Main Article Content
Background- Neonatal septicemia is defined as generalized systemic features of infection, associated with pure growth of bacteria from one or more sites, in a newborn. It is one of the most important causes of mortality and morbidity in newborn (especially in preterm, Low Birth Weight babies).
Incidence of neonatal sepsis is about 30 per 1000 live births -incidence of mortality due to NNS is about 4.1 %.
Materials and Methods-The study was conducted in Mamata Academy of Medical Sciences, Hyderabad. 400 neonates admitted to NICU of the institute were included in the study. They were evaluated for any correlation between C Reactive Protien, Serum Procalcitonin levels, blood culture, WBC count, platelet count to see for any correlation to the prognosis.
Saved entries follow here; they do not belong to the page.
Lemma stacking_condition_rcons s F : stacking_condition (rcons s F) ->
  stacking_condition s /\
  (s != [::] -> exists v, [/\ v \in F, forall g, g \in s -> v \notin g,
                           exists2 h, h \in s & F :\ v \subset h
                         & F :\: \bigcup_(G <- s) G = [set v]]).
Proof.
move=> sF_stack; split => [p /andP [p_gt0 lt_ps] | s_nil].
  have [|v [new [j lt_jp sub]]] := sF_stack p; first by rewrite p_gt0 size_rcons ltnS ltnW.
  rewrite !nth_rcons lt_ps (ltn_trans lt_jp lt_ps) in sub.
  rewrite nth_rcons lt_ps -cats1 (takel_cat _ (ltnW lt_ps)) in new.
  by exists v; split => //; exists j.
have [|v [new [j lt_js sub]]] := sF_stack (size s).
  by rewrite lt0n size_eq0 s_nil size_rcons ltnSn.
rewrite !nth_rcons ltnn eqxx lt_js in sub.
rewrite nth_rcons ltnn eqxx -cats1 take_size_cat // in new.
have /setDP [vF v_new] : v \in F :\: \bigcup_(G <- s) G by rewrite new set11.
exists v; split => //.
- by move=> g gs; apply: contra v_new => vg; rewrite bigcup_seq; apply/bigcupP; exists g.
- by exists (nth set0 s j); rewrite ?mem_nth.
Qed.

Lemma stacking_paths_count s : s != [::] -> stacking_condition s ->
  (forall g, g \in s -> #|g| = d.+1) ->
  [/\ paths_unique d (mem s), paths_exist d (mem s) & #|\bigcup_(G <- s) G| = size s + d].
Proof.
elim/last_ind: s => [//|s F IH] _ /stacking_condition_rcons [s_stack F_leaf] sF_pure.
have s_pure g : g \in s -> #|g| = d.+1 by move=> gs; apply: sF_pure; rewrite mem_rcons inE gs orbT.
have F_card : #|F| = d.+1 by apply: sF_pure; rewrite mem_rcons mem_head.
rewrite big_rcons /= size_rcons.
have [s0|s_nil] := eqVneq s [::].
  subst s; have [v vF] : exists v, v \in F by apply/set0Pn; rewrite -card_gt0 F_card.
  have empty_unique : paths_unique d (mem ([::] : seq {set V})).
    by move=> w1 w2 /and4P [w1_nil w1P _ _]; case: w1 w1_nil w1P.
  split; first exact: (paths_unique_rcons (v := v)).
    by apply: (paths_exist_rcons (v := v)) => // ? ? ?.
  by rewrite big_nil set0U F_card.
have [s_unique s_connected s_count] := IH s_nil s_stack s_pure.
have [v [vF v_free [h hs Fh] new]] := F_leaf s_nil.
split.
- exact: paths_unique_rcons sF_pure vF v_free s_unique.
- by apply: (paths_exist_rcons sF_pure vF v_free s_connected); exists h.
- by rewrite cardsUD s_count new cards1 addn1 addSn.
Qed.

End Stacking.

Lemma leq_unit_steps (f : nat -> nat) i j : i <= j ->
  (forall k, i <= k < j -> f k.+1 <= (f k).+1) -> f j <= f i + (j - i).
Proof.
elim: j => [|j IH]; first by rewrite leqn0 => /eqP -> _; rewrite subnn addn0.
rewrite leq_eqVlt => /orP [/eqP <- _|lt_ij step]; first by rewrite subnn addn0.
have IHj : f j <= f i + (j - i).
  by apply: IH lt_ij _ => k /andP [ik kj]; apply: step; rewrite ik ltnW.
by have := step j; rewrite -ltnS lt_ij ltnSn => /(_ isT); lia.
Qed.

Section Converse.
Variables (V : finType) (d : nat).
Implicit Types (P : pred {set V}) (s : seq {set V}).

Definition adjacent_order s := forall p, 0 < p < size s ->
  exists2 j, j < p & #|nth set0 s p :&: nth set0 s j| = d.
Lemma exprBn_diff (R : comPzRingType) (x y : R) N k : (N <= k)%N ->
  x ^+ N - (x - y) ^+ N
  = \sum_(j < k) ('C(N, j.+1)%:R * (-1) ^+ j) * (y ^+ j.+1 * x ^+ (N - j.+1)).
Proof.
move=> le_Nk.
set G := fun j : nat => ('C(N, j.+1)%:R * (-1) ^+ j) * (y ^+ j.+1 * x ^+ (N - j.+1)).
have -> : \sum_(j < k) G j = \sum_(j < N) G j.
  rewrite (big_ord_widen _ G le_Nk) [RHS]big_mkcond; apply: eq_bigr => j _.
  case: ifP => // /negbT; rewrite -leqNgt -ltnS => /bin_small.
  by rewrite /G => ->; rewrite !mul0r.
rewrite exprDn big_ord_recl /= subn0 expr0 mulr1 bin0 mulr1n opprD addrA subrr add0r.
rewrite -sumrN; apply: eq_bigr => j _.
by rewrite /bump /= add1n -mulr_natl [(- y) ^+ _]exprNn exprS /G; ring.
Qed.

Lemma natr_bin_shift (K : fieldType) k j r : [pchar K] =i pred0 ->
  (j <= k)%N -> (0 < r)%N ->
  (k.+1)%:R^-1 * r%:R * 'C(k.+1, j.+1)%:R / 'C(k, j)%:R * 'C(r.-1, j)%:R
  = 'C(r, j.+1)%:R :> K.
Proof.
move=> /pcharf0P natf_eq0 le_jk r_gt0.
have nzk : (k.+1)%:R != 0 :> K by rewrite natf_eq0.
have nzC : 'C(k, j)%:R != 0 :> K by rewrite natf_eq0 -lt0n bin_gt0.
have nzj : (j.+1)%:R != 0 :> K by rewrite natf_eq0.
have binS m : 'C(m, j.+1)%:R = m%:R * 'C(m.-1, j)%:R / (j.+1)%:R :> K.
  by rewrite -natrM mul_bin_diag natrM mulrAC mulfV // mul1r.
by rewrite !binS /=; field; rewrite !(addrC 1) !natr1 nzj nzC nzk.
Qed.

Section SymProduct.
Variables (K : fieldType) (n : nat).
Implicit Types (L M : smat K n) (k r : 'X_{1..n}).

Lemma big_mnm_supp (V : lmodType K) k (G : 'I_n -> V) :
  \sum_(l | k l != 0%N) (k l)%:R *: G l = \sum_l (k l)%:R *: G l.
Proof.
rewrite [RHS](bigID (fun l => k l != 0%N)) /= [X in _ + X]big1 ?addr0 //.
by move=> l /negPn/eqP ->; rewrite scale0r.
Qed.

Lemma sprod0l L M k : sprod 0 L M k = L 0%MM * M k.
Proof.
rewrite /sprod bin0 invr1 scale1r.
rewrite (eq_bigl (fun p : 'X_{1..n < _} => bmnm p == 0%MM)) => [|p] /=.
  by rewrite (big_bmnm_pred1 (fun q => (mbin k q)%:R *: (L q * M (k - q)%MM)))
    ?mdeg0 // mbin0 subm0 scale1r.
rewrite mdeg_eq0 andbC; case: eqP => // ->.
by apply/mnm_lepP => l; rewrite mnm0E.
Qed.

Lemma sprod_deg1l L M k : (0 < mdeg k)%N ->
  sprod 1 L M k = (mdeg k)%:R^-1 *: \sum_l (k l)%:R *: (L U_(l) * M (k - U_(l)))%MM.
Proof.
move=> k_gt0; rewrite /sprod bin1
  (big_bmnm_reindex (fun q => (mbin k q)%:R *: (L q * M (k - q)%MM))
  (Q := fun p => (p <= k)%MM && (mdeg p == 1%N)) (P := fun l => k l != 0%N)
  (f := fun l => U_(l)%MM)) => [|l l' _ _ /eqP|l _|p]; last 3 first.
- by rewrite eq_mnm1 => /eqP.
- by rewrite mdeg1 ltnS.
- exact: lep_mdeg1E.
by rewrite -big_mnm_supp; under eq_bigr do rewrite mbin1.
Qed.

Lemma sprod_deg1r L M d r : mdeg r = d.+1 ->
  sprod d M L r = (d.+1)%:R^-1 *: \sum_l (r l)%:R *: (M (r - U_(l)) * L U_(l))%MM.
Proof.
move=> degr; rewrite /sprod degr binSn
  (big_bmnm_reindex (fun q => (mbin r q)%:R *: (M q * L (r - q)%MM))
  (Q := fun p => (p <= r)%MM && (mdeg p == d)) (P := fun l => r l != 0%N)
  (f := fun l => r - U_(l))%MM) => [|l l' rl rl' e|l rl|p]; last 3 first.
- apply/eqP; rewrite -eq_mnm1 -(subKm (k := r) (p := U_(l)%MM)) ?lep1mP //.
  by rewrite e subKm ?lep1mP.
- by rewrite mdegB_eq ?lep1mP // degr mdeg1 subn1.
- exact: lep_mdeg_predE.
rewrite -big_mnm_supp; congr (_ *: _); apply: eq_bigr => l rl.
by rewrite mbin_sub ?lep1mP // mbin1 subKm ?lep1mP.
Qed.

Lemma sprod_seTr M (i : 'I_n) d r : mdeg r = d.+1 ->
  sprod d M (seT K i) r = ((d.+1)%:R^-1 * (r i)%:R) *: M (r - U_(i))%MM.
Proof.
move=> degr; rewrite sprod_deg1r // (bigD1 i) //= big1 => [|l ne_li].
  by rewrite /seT eqxx mulr1 addr0 scalerA.
by rewrite /seT eq_mnm1 (negbTE ne_li) mulr0 scaler0.
Qed.

End SymProduct.

Section SymPower.
Variables (K : fieldType) (n : nat).
Hypothesis K0 : [pchar K] =i pred0.

Lemma spow1E (L : smat K n) j m : mdeg m = j ->
  spow 1 L j m = mmap1 (fun l => L U_(l)%MM) m.
Proof.
elim: j m => [|j IH] m degm.
  by move/eqP: degm; rewrite mdeg_eq0 => /eqP ->; rewrite mmap11 /= /sunit eqxx.
rewrite /= sprod_deg1l ?degm //.
have termE l : (m l)%:R *: (L U_(l) * spow 1 L j (m - U_(l)))%MM
    = (m l)%:R *: mmap1 (fun l => L U_(l)%MM) m.
  have [->|ml] := eqVneq (m l) 0%N; first by rewrite !scale0r.
  rewrite IH ?mdegB_eq ?lep1mP ?degm ?mdeg1 ?subn1 //.
  rewrite -[X in _ = _ *: mmap1 _ X](submK (m := U_(l)%MM) (m' := m)) ?lep1mP //.
  by rewrite addmC commr_mmap1_M ?mmap1U // => ? ?; apply: mulrC.
under eq_bigr do rewrite termE.
rewrite -scaler_suml -natr_sum -mdegE degm scalerA mulVf ?scale1r //.
by rewrite ((pcharf0P _).1 K0).
Qed.

Lemma spow_sid j m : mdeg m = j -> spow 1 (@sid K n) j m = 'X_[m].
Proof. by move/spow1E ->; rewrite mmap1_id. Qed.

Lemma sprod_spow_axis (L : smat K n) (i : 'I_n) j e p :
    (forall l, l != i -> L U_(l)%MM = 0) -> mdeg p = (j + e)%N ->
  sprod j (spow 1 L j) (spow 1 (@sid K n) e) p
  = ('C(j + e, j)%:R^-1 * 'C(p i, j)%:R) *: (L U_(i)%MM ^+ j * 'X_[p - U_(i) *+ j]).
Proof.
move=> L0 degp; rewrite /sprod degp -scalerA; congr (_ *: _).
set T := _ *: _; have degU : mdeg (U_(i) *+ j)%MM = j by rewrite mdegMn mdeg1 mul1n.
rewrite -(big_bmnm_pred1 (b := (j + e).+1) (fun _ => T) (m := (U_(i) *+ j)%MM))
  ?degU ?ltnS ?leq_addr //.
rewrite [LHS]big_mkcond [RHS]big_mkcond; apply: eq_bigr => q _ /=.
case: ifP => [/andP[le_qp /eqP degq] | qNp].
  rewrite spow1E // spow_sid ?mdegB_eq ?degp ?degq ?addKn //.
  have [->|ne_q] := eqVneq (bmnm q) (U_(i) *+ j)%MM.
    by rewrite mbin_mulmn1 mmap1_mulmn1.
  have [l /andP[ne_li ql]|qi] := pickP (fun l => (l != i) && (q l != 0%N)).
    by rewrite (mmap1_eq0 (L0 _ ne_li) ql) mul0r scaler0.
  have qE : bmnm q = (U_(i) *+ mdeg q)%MM.
    apply: mnm_mulmn1_mdeg => l ne_li.
    by apply/eqP; move: (qi l); rewrite ne_li => /negbFE.
  by case/eqP: ne_q; rewrite {1}qE degq.
case: eqP => // eq_q; move: qNp; rewrite eq_q degU eqxx andbT lep_mulmn1 => /negbT.
by rewrite -ltnNge /T => /bin_small ->; rewrite scale0r.
Qed.

End SymPower.

Section Filter.
Variables (K : fieldType) (n : nat) (A : nat -> smat K n) (i : 'I_n).
Hypothesis homA0 : A 0%N 0%MM \is 1.-homog.
Hypothesis Xi0_neq0 : Xi0 A i != 0.
Hypothesis K0 : [pchar K] =i pred0.

Local Notation a := (A 0%N 0%MM).
Local Notation Xi := (Xi0 A i).
Local Notation b := (Xi^-1 *: a).
Local Notation substF1 := (mmap1 (fun l => F1 A i U_(l)%MM)).

Lemma F1_mnm1 l : F1 A i U_(l)%MM = 'X_l - (if l == i then b else 0).
Proof.
rewrite /F1 /ssub /sscale /sid sprod0l /seT eq_mnm1.
by case: eqP; rewrite ?mulr1 ?mulr0 ?scaler0.
Qed.

Lemma sid_sub_F1_mnm1 l :
  ssub (@sid K n) (F1 A i) U_(l)%MM = if l == i then b else 0.
Proof. by rewrite /ssub F1_mnm1 opprB addrC subrK. Qed.

Lemma sapply_F1_A0_eq0 : sapply (F1 A i) a = 0.
Proof.
rewrite /F1 sapply_ssub sapply_sid sapply_sscale.
rewrite (eq_in_sapply (N := fun r => a * seT K i r)) => [|r _]; last exact: sprod0l.
by rewrite sapply_mull sapply_seT -scalerAr mulr1 scalerA mulVf // scale1r subrr.
Qed.

Lemma mmap_F1_A0_eq0 : mmap (@mpolyC n K) (fun l => F1 A i U_(l)%MM) a = 0.
Proof. by rewrite -sapply_dhomog1 // sapply_F1_A0_eq0. Qed.

Lemma subr_substF1 (r : 'X_{1..n}) k : (r i <= k)%N ->
  'X_[r] - substF1 r
  = \sum_(j < k) ('C(r i, j.+1)%:R * (-1) ^+ j) *: (b ^+ j.+1 * 'X_[r - U_(i) *+ j.+1]).
Proof.
move=> le_rk; set Y := \prod_(l < n | l != i) ('X_l : {mpoly K[n]}) ^+ r l.
have XE (s : 'X_{1..n}) : (forall l, l != i -> s l = r l) -> 'X_[s] = 'X_i ^+ s i * Y.
  move=> sr; rewrite mpolyXE_id (bigD1 i) //=; congr (_ * _).
  by apply: eq_bigr => l /sr ->.
have -> : substF1 r = ('X_i - b) ^+ r i * Y.
  rewrite /mmap1 (bigD1 i) //= F1_mnm1 eqxx; congr (_ * _).
  by apply: eq_bigr => l ne_li; rewrite F1_mnm1 (negbTE ne_li) subr0.
rewrite (XE r) // -mulrBl (exprBn_diff _ _ le_rk) mulr_suml; apply: eq_bigr => j _.
rewrite (XE (r - U_(i) *+ j.+1)%MM) => [|l ne_li]; last first.
  by rewrite mnmBE mulmnE mnm1E eq_sym (negbTE ne_li) mul0n subn0.
rewrite mnmBE mulmnE mnm1E eqxx mul1n -!mul_mpolyC rmorphM rmorphXn rmorphN1 rmorph_nat.
by ring.
Qed.

Lemma mul_A0_Umat k (r : 'X_{1..n}) : mdeg r = k -> (0 < k)%N ->
  a * Umat A i k r = Xi *: ('X_[r] - substF1 r).
Proof.
case: k => // k degr _; rewrite /Umat /= sprod_seTr //.
have [ri0|ri_gt0] := posnP (r i).
  by rewrite (subr_substF1 (k := 0)) ri0 // big_ord0 mulr0 scale0r mulr0 scaler0.
have le_rk : (r i <= k.+1)%N by rewrite -degr mdegE (bigD1 i) //= leq_addr.
rewrite (subr_substF1 le_rk) !scaler_sumr mulr_sumr; apply: eq_bigr => j _.
have le_jk : (j <= k)%N by rewrite -ltnS.
have degr' : mdeg (r - U_(i))%MM = (j + (k - j))%N.
  by rewrite mdegB_eq ?lep1mP -?lt0n // degr mdeg1 subn1 subnKC.
rewrite (sprod_spow_axis K0 (i := i) _ degr') => [|l ne_li]; last first.
  by rewrite sid_sub_F1_mnm1 (negbTE ne_li).
rewrite sid_sub_F1_mnm1 eqxx subnKC // mnmBE mnm1E eqxx subn1 submDA -mulmS.
have aE : a = Xi *: b by rewrite scalerA mulfV // scale1r.
rewrite {1}aE -scalerAl !scalerA -scalerAr scalerA exprS.
congr (_ *: _); last exact: mulrA.
by rewrite -(natr_bin_shift K0 le_jk ri_gt0); ring.
Qed.

Lemma sapply_Umat_A0X k (m : 'X_{1..n}) : (0 < k)%N -> mdeg m = k.-1 ->
  sapply (Umat A i k) (a * 'X_[m]) = Xi *: 'X_[m].
Proof.
move=> k_gt0 degm.
have a_neq0 : a != 0 by apply: contraNneq Xi0_neq0 => a0; rewrite /Xi0 a0 mcoeff0.
have homAX : a * 'X_[m] \is k.-homog.
  by rewrite -(prednK k_gt0) -add1n; apply: dhomogM => //; rewrite dhomogX; exact/eqP.
apply: (mulfI a_neq0); rewrite -sapply_mull.
rewrite (eq_in_sapply (N := sscale Xi (ssub (@sid K n) substF1))); last first.
  by move=> r /(dhomog_mf homAX) degr; rewrite mul_A0_Umat.
rewrite sapply_sscale sapply_ssub sapply_sid sapply_mmap1 rmorphM /= mmap_F1_A0_eq0.
by rewrite mul0r subr0 scalerAr.
Qed.

End Filter.

Section FilterRecursion.
Variables (K : fieldType) (n : nat) (A : nat -> smat K n) (i : 'I_n).

Lemma Fstep_ext (G G' : nat -> smat K n) k :
  (forall j, (j < k.-1)%N -> G j.+1 =1 G' j.+1) -> Fstep A i G k =1 Fstep A i G' k.
Proof.
move=> eqG m; rewrite /Fstep /sscale !smulE; congr (_ *: _).
apply: eq_in_sapply => r _; apply: eq_bigr => j _.
by congr (_ *: _); apply: eq_in_sapply => s _; apply: eqG.
Qed.

Lemma FauxS f k : Faux A i f.+1 k =
  if k == 0%N then @szero K n else if k == 1%N then F1 A i else Fstep A i (Faux A i f) k.
Proof. by []. Qed.

Lemma Faux_eq f f' k : (k <= f)%N -> (k <= f')%N -> Faux A i f k =1 Faux A i f' k.
Proof.
elim: f f' k => [|f IH] [|f'] k le_kf le_kf'.
- by [].
- by move: le_kf; rewrite leqn0 => /eqP ->.
- by move: le_kf'; rewrite leqn0 => /eqP ->.
rewrite !FauxS; case: eqP => // k_neq0; case: eqP => // k_neq1.
apply: Fstep_ext => j; rewrite ltn_predRL => lt_jk.
by apply: IH; rewrite -ltnS (leq_trans lt_jk).
Qed.

Lemma F_rec k : (1 < k)%N -> F A i k =1 Fstep A i (F A i) k.
Proof.
case: k => [|[|k]] lt1k; [by [] | by [] | rewrite /F FauxS].
by apply: Fstep_ext => j lt_jk; apply: Faux_eq.
Qed.

End FilterRecursion.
Results- Among the 400 neonates suspected with sepsis, 306 (76.5%) had early onset and 94 (23.5%) had late onset. The blood culture isolation rate was 30.5% (n=122). The culture proven sepsis was seen more in Early Onset Sepsis 85.2% (n=104) than Late Onset Sepsis 14.7% (n=18). Altered WBC counts (<5000 or >20000 cells/cu.mm) were noticed in 62 neonates among which 18 of them had culture proven sepsis. Reduced platelet counts (1,50,000/cu.mm) were noticed in 192 neonates and culture positivity was seen in 23 of them. C-reactive protein was positive in 174 neonates (43.5%) of
which 78 neonates had culture proven sepsis. Elevated Procalcitonin levels (>0.5ng/ml) were found in 148 (37%) neonates among which 106 (71.6%) of them had culture proven sepsis.
Conclusion- Procalcitonin was found to be a sensitive tool for early diagnosis and predicting the outcome of sepsis when compared to CRP. But it is neither 100% sensitive nor 100% specific to be relied as a sole marker. The greatest predictability can be achieved by the combination of assays rather than a single biomarker and as of now culture remains the gold standard in diagnosing sepsis.